Movie Review: The Sparks Brothers

A few years ago, I noticed two odd-looking men appearing on the Instagram posts of Edgar Wright, the maestro of movement and kinetic comedy behind films such as Hot Fuzz, Scott Pilgrim vs. the world, and Baby Driver. A man was a thin doppelgänger scarecrow of Vincent Pryce. Meanwhile, the other was just a little less thin, but sported an unusual combo of dyed black emo hair and fancy silk scarves. The legends made it clear to me that these two were brothers, and that they were the core and founding members of a band I had never heard of: Sparks.

Months went by, more and more Instagram posts came and went, but Sparks stuck in my head. Who were these two men? What were their life stories? And why did one of my favorite contemporary directors make a film about them – his first documentary no less? Wikipedia and Spotify searches only brought up more questions.

Ron and Russel Mael were American-born musicians who have been prolific in the music scene since the 1960s. Having worked in both the US and UK, their music at first glance sounded both foreign and familiar. I was able to spot the origins of some of my favorite British alternative bands (New Order, Duran Duran, Depeche Mode, who all make homage-laden appearances in The Sparks Brothers), and it further increased my curiosity about Sparks. By the times trailers abandoned for The Sparks Brothers, I knew this was the film that would bring me back to the cinema after the last confinement.

Fast forward to a screening on Tuesday at 10 p.m. in an almost completely empty room. After two and a half hours of being bombarded with a history lesson on the discography and artistic careers of the titular brothers, my father and I stepped out of our seats delighted.

The Mael Brothers radiate love for creation in all aspects of their depicted life. Not only have they been making music since the late 60s, but they’ve challenged themselves and reinvented themselves throughout that time.

I would say their overall sound falls somewhere between arrangement-heavy pop and idea-driven alternative, but such an explanation grossly simplifies the craziness of Sparks’ 25 albums. discography. Wild vocal melodies of Kimono my house to the geometric instrumental arrangements of Little Beethoven, Sparks’ works surprise, amaze and excite avid listeners who are ready to meet the demands of such a vast work.
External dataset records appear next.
(* [f_ratio_gt] also rules out [Derive f x = 0]: division by zero yields 0
   and the remaining term [- 2 c / (1 - c x)] is negative. *)
Lemma Derive_f_pos x : 0 < x < x0 -> 0 < Derive f x.
Proof.
  intros Hx.
  assert (H1cx : 0 < 1 - c * x) by (apply one_sub_mul_pos; lra).
  assert (Hnn : 0 <= Derive f x).
  { apply (derive_nonneg_of_nondecreasing f x); [|apply is_derive_f; lra].
    intros y Hy; apply f_nondecreasing; lra. }
  destruct Hnn as [|Hz]; [assumption|].
  specialize (f_ratio_gt x Hx). rewrite <- Hz, Rdiv_0_r in f_ratio_gt.
  assert (0 < 2 * c / (1 - c * x)) by (apply Rdiv_lt_0_compat; lra).
  lra.
Qed.

Lemma Derive2_f_pos x : 0 < x < x0 -> 0 < Derive (Derive f) x.
Proof.
  intros Hx. pose proof (Derive_f_pos x Hx) as Hd.
  assert (0 < 2 * c / (1 - c * x)) by (apply Rdiv_lt_0_compat, one_sub_mul_pos; lra).
  specialize (f_ratio_gt x Hx).
  replace (Derive (Derive f) x) with (Derive (Derive f) x / Derive f x * Derive f x)
    by (field; lra).
  apply Rmult_lt_0_compat; lra.
Qed.

Lemma Derive_f_le a b : 0 < a -> a <= b -> b < x0 -> Derive f a <= Derive f b.
Proof.
  intros Ha Hab Hb.
  apply (le_of_derive_nonneg _ (Derive (Derive f))); [assumption|..];
    intros x Hx; [apply is_derive_Derive_f | apply Rlt_le, Derive2_f_pos]; lra.
Qed.

Lemma f_pos y : 0 < y -> 0 < f y.
Proof.
  intros Hy. pose (m := Rmin y (x0 / 2)).
  assert (Hm : 0 < m <= y /\ m < x0).
  { pose proof (Rmin_l y (x0 / 2)); pose proof (Rmin_r y (x0 / 2)).
    pose proof (Rmin_glb_lt y (x0 / 2) 0 Hy ltac:(lra)). unfold m; lra. }
  assert (f (m / 2) < f m).
  { apply (incr_function f 0 x0 (Derive f)); simpl; try lra;
      intros; [apply is_derive_f | apply Derive_f_pos]; lra. }
  assert (f 0 <= f (m / 2)) by (apply f_nondecreasing; lra).
  assert (f m <= f y) by (apply f_nondecreasing; lra).
  lra.
Qed.

(* Convexity with [f 0 = 0] gives [f (z/2) <= f z / 2]; the mean value theorem
   on [z/2, z], with [Derive f] nondecreasing, bounds the other half. *)
Lemma f_le_mul_Derive z : 0 < z -> z <= xs -> z < x0 -> f z <= z * Derive f z.
Proof.
  intros Hz Hzs Hz0.
  assert (Hhalf : f (z / 2) <= f z / 2).
  { pose proof (f_convex z 0 (1 / 2) ltac:(lra) ltac:(lra) ltac:(lra)) as H.
    rewrite f_0 in H. replace (1 / 2 * z + (1 - 1 / 2) * 0) with (z / 2) in H by field.
    lra. }
  destruct (MVT_gen f (z / 2) z (Derive f)) as (x & Hx & Hmvt);
    rewrite ?Rmin_left, ?Rmax_right in * by lra.
  - intros x Hx; apply is_derive_f; lra.
  - intros x Hx; apply (continuity_pt_of_is_derive _ _ _ (is_derive_f x ltac:(lra))).
  - assert (Derive f x <= Derive f z) by (apply Derive_f_le; lra).
    nra.
Qed.
Lemma SmatE N (p q : 'I_(N * 2)) : Smat N V p q = smat_entry p q.
Proof. by rewrite mxE. Qed.

Lemma smat_entry_sites i k r s : (r < 2)%N -> (s < 2)%N ->
  smat_entry (i * 2 + r) (k * 2 + s) =
  if i == k then ent2 (V i.+1%:Z) r s
  else if (i.+1 == k) || (k.+1 == i) then
    (if (r == 0) && (s == 0) then 1 else 0)
  else 0.
Proof.
move=> r2 s2; rewrite /smat_entry.
have -> : ((i * 2 + r) %/ 2 = i)%N by lia.
have -> : ((k * 2 + s) %/ 2 = k)%N by lia.
have -> : ((i * 2 + r) %% 2 = r)%N by lia.
by have -> : ((k * 2 + s) %% 2 = s)%N by lia.
Qed.

Lemma smat_entry_pair i k r x y : (r < 2)%N ->
  smat_entry (i * 2 + r) (k * 2) * x + smat_entry (i * 2 + r) (k * 2 + 1) * y =
  (if k == i then ent2 (V i.+1%:Z) r 0 * x + ent2 (V i.+1%:Z) r 1 * y else 0) +
  (if r == 0 then (if k == i.+1 then x else 0) + (if k.+1 == i then x else 0)
   else 0).
Proof.
move=> r2; rewrite -{1}[(k * 2)%N]addn0 !smat_entry_sites // [i == k]eq_sym.
have [->|_] := eqVneq k i.
  by rewrite (gtn_eqF (ltnSn i)) (ltn_eqF (ltnSn i)) addr0 if_same addr0.
rewrite [i.+1 == k]eq_sym /= andbT andbF if_same mul0r addr0 add0r.
case: (r == 0); last by rewrite if_same mul0r.
have [e1|_] := eqVneq k i.+1; have [e2|_] := eqVneq k.+1 i;
  rewrite /= ?mul1r ?mul0r ?addr0 ?add0r //; lia.
Qed.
Although critical and commercial successes have been small and rare, Sparks has continued to do what they love. On top of that, they accomplished this without ever losing the drive and passion that drove them to be musicians in the first place. The spirit and love of Sparks permeates this film as much as their own songs; from animated segments to verbal jabs to the playful way of song titles presented with dictionary definitions of some of the words they contain, the film continues to find ways to bring the Mael Brothers’ musical originality to the big screen. .

Wright is clearly in love with his subjects, but a few years of Instagram posts show that this affection stems from knowing them as people after being a fan of their music since his own childhood. Additionally, while the film sheds light on Sparks ‘musical career, it doesn’t reveal much about the Mael Brothers’ personal lives other than delving into their childhood. In a way, this is the movie that says Sparks’ personal self is best expressed and understood through his music. Considering that they have spent most of their lives as musicians, I find this idea quite compelling.

Although sometimes The Spark brothers looks like a crash course in the creative production of two non-traditional pop musicians, the film still manages to be an entertaining and informative introduction to two truly inspiring artists. While Wright’s documentary filmmaking techniques leave much to be desired in terms of engagement and good structure, his curation of the Sparks tracks played throughout the film at least offers a formidable entry into their discography. Between this documentary giving them a well-deserved critical legitimacy, and the next opening film of the Cannes film festival Annette written and marked by them, 2021 could very well be the year Sparks sets the art world on fire.